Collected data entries

————

Theorem lemma1p5 (R : realType) (n : nat) (O : set (LRn R n)) (alpha : R)
    (phi : R -> R) :
  (2 <= n)%N -> is_domain O -> globally_regular O ->
  - n%:R < alpha < 0 -> young_function phi ->
  (Lambda_low n phi alpha < +oo)%E -> (Lambda_up n phi alpha < +oo)%E ->
  exists C1 C2 : R, 0 < C1 /\ 0 < C2 /\
    forall (t : R) (x : LRn R n) (E : set (LRn R n)),
      0 < t -> O x -> measurable E -> E `<=` O ->
      (0 < lebesgue_n E)%E -> (lebesgue_n E < +oo)%E ->
      ((C1 * (1 / fine (lebesgue_n E)) * vol_ratio O E
          * phi (C2 * t * fine (lebesgue_n E) `^ (`|alpha| / n%:R)))%:E
       <= \int[@lebesgue_n R n]_(y in O `\` E)
            (phi (t * eucl_dist x y `^ (- alpha)) / eucl_dist x y ^+ (2 * n))%:E)%E.
Proof.
move=> n2 [_ [oO _]] [th [/andP[th0 _] reg]] /andP[_ a0] phiY _ Lup.
have n0 : (0 < n)%N by apply: leq_trans n2.
have [K K0 phiK] := Lambda_up_dilation_bound phiY a0 Lup.
pose D := 2 * n%:R ^+ n / th.
have D0 : 0 < D by rewrite divr_gt0 ?mulr_gt0 ?exprn_gt0 ?ltr0n.
exists (1 / (K * D ^+ 2)), (D `^ (- alpha / n%:R)).
split; first by rewrite divr_gt0 // mulr_gt0 // exprn_gt0.
split=> [|t x E t0 Ox mE EO E0 Efin]; first exact: powR_gt0.
have Ee : lebesgue_n E = (fine (lebesgue_n E))%:E by rewrite fineK // ge0_fin_numE // ltW.
set e := fine _ in Ee *; have e0 : 0 < e by rewrite -lte_fin -Ee.
have [r r0 rn] : exists2 r, 0 < r & r ^+ n = 2 * e / th.
  by apply: exprn_onto_gt0; rewrite // divr_gt0 ?mulr_gt0.
have rhon : (n%:R * r) ^+ n = D * e by rewrite exprMn rn /D; field; rewrite gt_eqF.
have thrn : th * r ^+ n = 2 * e by rewrite rn mulrCA divff ?gt_eqF ?mulr1.
have [S [mS SOE Sx Se]] := exists_near_subset n0 oO mE Ox r0 EO Ee thrn (reg x Ox r r0).
have rho0 : 0 < n%:R * r by rewrite mulr_gt0 // ltr0n.
apply: le_trans (kernel_integral_ge phiY K0 phiK t0 rho0 mS SOE Sx).
have -> : `|alpha| = - alpha by rewrite ltr0_norm.
rewrite (_ : _ * t * _ = t * (n%:R * r) `^ (- alpha)); last first.
  by rewrite (powR_exprn_mul _ n0 (ltW D0) (ltW e0) (ltW rho0) rhon); ring.
rewrite (_ : _ * phi _ = phi (t * (n%:R * r) `^ (- alpha)) / (K * (n%:R * r) ^+ (2 * n))
                          * (e * vol_ratio O E)).
  rewrite EFinM; apply: lee_wpmul2l Se; rewrite lee_fin.
  by rewrite divr_ge0 ?(young_ge0 phiY) ?mulr_ge0 ?powR_ge0 ?exprn_ge0 // ltW.
by rewrite mulnC exprM rhon; field; rewrite !gt_eqF.
Qed.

————

» Task to complete
Nothing may be left out. Retype all the entries exactly.

» Solution
Theorem lemma1p5 (R : realType) (n : nat) (O : set (LRn R n)) (alpha : R)
    (phi : R -> R) :
  (2 <= n)%N -> is_domain O -> globally_regular O ->
  - n%:R < alpha < 0 -> young_function phi ->
  (Lambda_low n phi alpha < +oo)%E -> (Lambda_up n phi alpha < +oo)%E ->
  exists C1 C2 : R, 0 < C1 /\ 0 < C2 /\
    forall (t : R) (x : LRn R n) (E : set (LRn R n)),
      0 < t -> O x -> measurable E -> E `<=` O ->
      (0 < lebesgue_n E)%E -> (lebesgue_n E < +oo)%E ->
      ((C1 * (1 / fine (lebesgue_n E)) * vol_ratio O E
          * phi (C2 * t * fine (lebesgue_n E) `^ (`|alpha| / n%:R)))%:E
       <= \int[@lebesgue_n R n]_(y in O `\` E)
            (phi (t * eucl_dist x y `^ (- alpha)) / eucl_dist x y ^+ (2 * n))%:E)%E.
Proof.
move=> n2 [_ [oO _]] [th [/andP[th0 _] reg]] /andP[_ a0] phiY _ Lup.
have n0 : (0 < n)%N by apply: leq_trans n2.
have [K K0 phiK] := Lambda_up_dilation_bound phiY a0 Lup.
pose D := 2 * n%:R ^+ n / th.
have D0 : 0 < D by rewrite divr_gt0 ?mulr_gt0 ?exprn_gt0 ?ltr0n.
exists (1 / (K * D ^+ 2)), (D `^ (- alpha / n%:R)).
split; first by rewrite divr_gt0 // mulr_gt0 // exprn_gt0.
split=> [|t x E t0 Ox mE EO E0 Efin]; first exact: powR_gt0.
have Ee : lebesgue_n E = (fine (lebesgue_n E))%:E by rewrite fineK // ge0_fin_numE // ltW.
set e := fine _ in Ee *; have e0 : 0 < e by rewrite -lte_fin -Ee.
have [r r0 rn] : exists2 r, 0 < r & r ^+ n = 2 * e / th.
  by apply: exprn_onto_gt0; rewrite // divr_gt0 ?mulr_gt0.
have rhon : (n%:R * r) ^+ n = D * e by rewrite exprMn rn /D; field; rewrite gt_eqF.
have thrn : th * r ^+ n = 2 * e by rewrite rn mulrCA divff ?gt_eqF ?mulr1.
have [S [mS SOE Sx Se]] := exists_near_subset n0 oO mE Ox r0 EO Ee thrn (reg x Ox r r0).
have rho0 : 0 < n%:R * r by rewrite mulr_gt0 // ltr0n.
apply: le_trans (kernel_integral_ge phiY K0 phiK t0 rho0 mS SOE Sx).
have -> : `|alpha| = - alpha by rewrite ltr0_norm.
rewrite (_ : _ * t * _ = t * (n%:R * r) `^ (- alpha)); last first.
  by rewrite (powR_exprn_mul _ n0 (ltW D0) (ltW e0) (ltW rho0) rhon); ring.
rewrite (_ : _ * phi _ = phi (t * (n%:R * r) `^ (- alpha)) / (K * (n%:R * r) ^+ (2 * n))
                          * (e * vol_ratio O E)).
  rewrite EFinM; apply: lee_wpmul2l Se; rewrite lee_fin.
  by rewrite divr_ge0 ?(young_ge0 phiY) ?mulr_ge0 ?powR_ge0 ?exprn_ge0 // ltW.
by rewrite mulnC exprM rhon; field; rewrite !gt_eqF.
Qed.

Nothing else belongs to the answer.